Health

Men's sexual health: removing shame and stigma

A new report has found more than 70% of Australian men feel stigma and reluctance to treat intimate health issues.

By Dr Ben Condon, David Sullivan, Erin Ewen for Citro partner Pilot

A new report says the health system needs to foster stigma-free opportunities to allow men to prioritise their health.

Pilot is a digital healthcare clinic committed to elevating Aussie men's health, recently published a new report, garnering international attention. 

The report detailed findings from a nationally representative survey, aimed to shed light on the often-overlooked aspects of men's intimate health, with a focus on dismantling stigmas and encouraging open conversations.

 In this article, we'll delve into the key findings of the report, emphasising the importance of Pilot's mission in fostering a stigma-free environment for men to prioritise their health. You can read the full report here

Confronting taboos

Pilot commissioned a report with YouGov that surveyed over 1000 Australians, confronting the persisting taboos surrounding men’s intimate health, including erectile dysfunction, premature ejaculation, mental health and porn consumption.
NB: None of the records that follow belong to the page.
Lemma kappa_lt_level_shift (lam u : R) : 0 < u < 1 -> 1 / u + d <= lam * (1 - d ^ 2) ->
  kappa u < exp (lam * C) * kappa (level_shift u).
Proof.
  intros Hu Hlam. destruct (level_shift_spec u Hu) as [Hv Hmuv].
  pose proof (ln_kappa_sub_lt lam u (level_shift u) ltac:(lra) ltac:(lra) ltac:(lra) Hlam) as Hln.
  replace (mu u - mu (level_shift u)) with C in Hln by lra.
  pose proof (kappa_pos u Hu). pose proof (kappa_pos (level_shift u) ltac:(lra)).
  rewrite <- (exp_ln (kappa u)), <- (exp_ln (kappa (level_shift u))), <- exp_plus by lra.
  apply exp_increasing. lra.
Qed.

Lemma level_gap_gt (u : R) : 0 < u < 1 ->
  al2 * kappa (level_shift u) - al1 * kappa u - be * C / (1 - d ^ 2) * kappa u ^ 2 < level_gap u.
Proof.
  intros Hu. destruct (level_shift_spec u Hu) as [Hv Hmuv].
  pose proof (nu_sub_lt_kappa_sq u (level_shift u) ltac:(lra) ltac:(lra) ltac:(lra)) as Hn.
  replace (mu u - mu (level_shift u)) with C in Hn by lra.
  unfold level_gap, phi.
  assert (be * (nu u - nu (level_shift u)) < be * (kappa u ^ 2 / (1 - d ^ 2) * C))
    by (apply Rmult_lt_compat_l; lra).
  replace (be * C / (1 - d ^ 2) * kappa u ^ 2) with (be * (kappa u ^ 2 / (1 - d ^ 2) * C))
    by (field; nra).
  lra.
Qed.

(* Near [u = 1] the [kappa]-terms dominate in [level_gap], and [kappa u / kappa (level_shift u)]
   tends to [exp (C / (1 - d))]. *)
Lemma level_gap_pos : C < (1 - d) * ln (al2 / al1) -> exists u, 0 < u < 1 /\ 0 < level_gap u.
Proof.
  intros Hlt. assert (Hd2 : 0 < 1 - d ^ 2) by nra.
  set (gam := ln (al2 / al1) - C / (1 - d)).
  assert (Hgam : 0 < gam).
  { unfold gam. apply Rmult_lt_reg_l with (1 - d); [lra |].
    replace ((1 - d) * (ln (al2 / al1) - C / (1 - d))) with ((1 - d) * ln (al2 / al1) - C)
      by (field; lra).
    lra. }
  set (th := exp (- gam / 2)).
  assert (Hth : 0 < th < 1) by (split; [apply exp_pos | rewrite <- exp_0; apply exp_increasing; lra]).
  set (lam := 1 / (1 - d) + gam / (2 * C)).
  assert (Hexp : exp (lam * C) = al2 / al1 * th).
  { unfold th. rewrite <- (exp_ln (al2 / al1)) at 1 by (apply Rdiv_lt_0_compat; lra).
    rewrite <- exp_plus. f_equal. unfold lam, gam. field. lra. }
  set (k0 := al1 * (1 - th) * (1 - d ^ 2) / (be * C)).
  assert (Hk0 : 0 < k0) by (unfold k0; apply Rdiv_lt_0_compat; [apply Rmult_lt_0_compat; [nra | lra] | nra]).
  set (g := gam * (1 - d ^ 2) / (2 * C)).
  assert (Hg : 0 < g) by (unfold g; apply Rdiv_lt_0_compat; [apply Rmult_lt_0_compat |]; lra).
  destruct (exists_kappa_le_near_one g k0 Hg Hk0) as (u & Hu & Hinvu & Hk).
  exists u. split; [exact Hu |].
  destruct (level_shift_spec u Hu) as [Hv _].
  pose proof (kappa_pos u Hu) as Hku. pose proof (kappa_pos (level_shift u) ltac:(lra)) as Hkv.
  assert (Hkappa : al1 * kappa u < th * (al2 * kappa (level_shift u))).
  { assert (Hlam : 1 / u + d <= lam * (1 - d ^ 2)).
    { replace (lam * (1 - d ^ 2)) with (1 + d + g) by (unfold lam, g; field; lra). lra. }
    pose proof (kappa_lt_level_shift lam u Hu Hlam) as Hratio. rewrite Hexp in Hratio.
    apply Rmult_lt_reg_l with (/ al1); [now apply Rinv_0_lt_compat |].
    replace (/ al1 * (al1 * kappa u)) with (kappa u) by (field; lra).
    replace (/ al1 * (th * (al2 * kappa (level_shift u))))
      with (al2 / al1 * th * kappa (level_shift u)) by (field; lra).
    exact Hratio. }
  assert (Hquad : be * C / (1 - d ^ 2) * kappa u ^ 2 <= (1 - th) * (al1 * kappa u)).
  { replace ((1 - th) * (al1 * kappa u)) with (be * C / (1 - d ^ 2) * k0 * kappa u)
      by (unfold k0; field; repeat split; nra).
    replace (be * C / (1 - d ^ 2) * kappa u ^ 2)
      with (be * C / (1 - d ^ 2) * kappa u * kappa u) by ring.
    apply Rmult_le_compat_r; [lra |]. apply Rmult_le_compat_l; [| lra].
    apply Rlt_le, Rdiv_lt_0_compat; nra. }
  pose proof (level_gap_gt u Hu).
  assert (0 <= al2 * kappa (level_shift u) * (1 - th) ^ 2) by (apply Rmult_le_pos; nra).
  nra.
Qed.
Both men and women were surveyed to give a nationally representative perspective on men’s intimate health and explore the difference between men’s and women’s expectations in the bedroom. 

Statistics show that: 

  • One in 2 Aussie men experience erectile dysfunction at some point in their lives 
  • One in 3 Aussie men suffer from premature ejaculation at some point in their lives 
  • One in 8 men experience depression 
  • Men account for 7 out of every 9 suicides in Australia. This is double the annual road toll.
  • One in 5 men experience anxiety 
  • 17.5% of Aussie men aged 14 and over have used illegal drugs within the past year

Performance and mental wellbeing

The report highlights the intricate relationship between sexual performance and mental health — an inability to perform can leave men feeling distressed, anxious and inadequate. 

46% of male respondents admit feeling bad about themselves because they haven’t lasted as long as they wanted. 

However, only 6% of women say they have intentionally been hard on their partner for this reason. Men are clearly being too harsh on themselves. 

This disconnect emphasises the need for increased awareness and open conversations about the broader impact of intimate health on men’s mental health. 

Porn: expectations versus reality

With one in 3 Australian men watching porn at least once a week, the report explores the impact of this widespread habit on sexual expectations. 

While 63% of men believe porn either positively affects their performance or has no impact at all, women's perspectives differ, with 33% expressing concerns about its negative effects. 

When it comes to sexual stamina, expectations are high. Typically, men last, on average, 5.5 minutes from penetration to ejaculation. 

35% of men and 34% of women responded that men should be able to last more than 10 minutes during sex. 

This divergence in views emphasises the often unreasonable expectations held by both men and women when it comes to men’s performance in the bedroom and further demonstrates the need for more research on the influence of porn on sexual performance. 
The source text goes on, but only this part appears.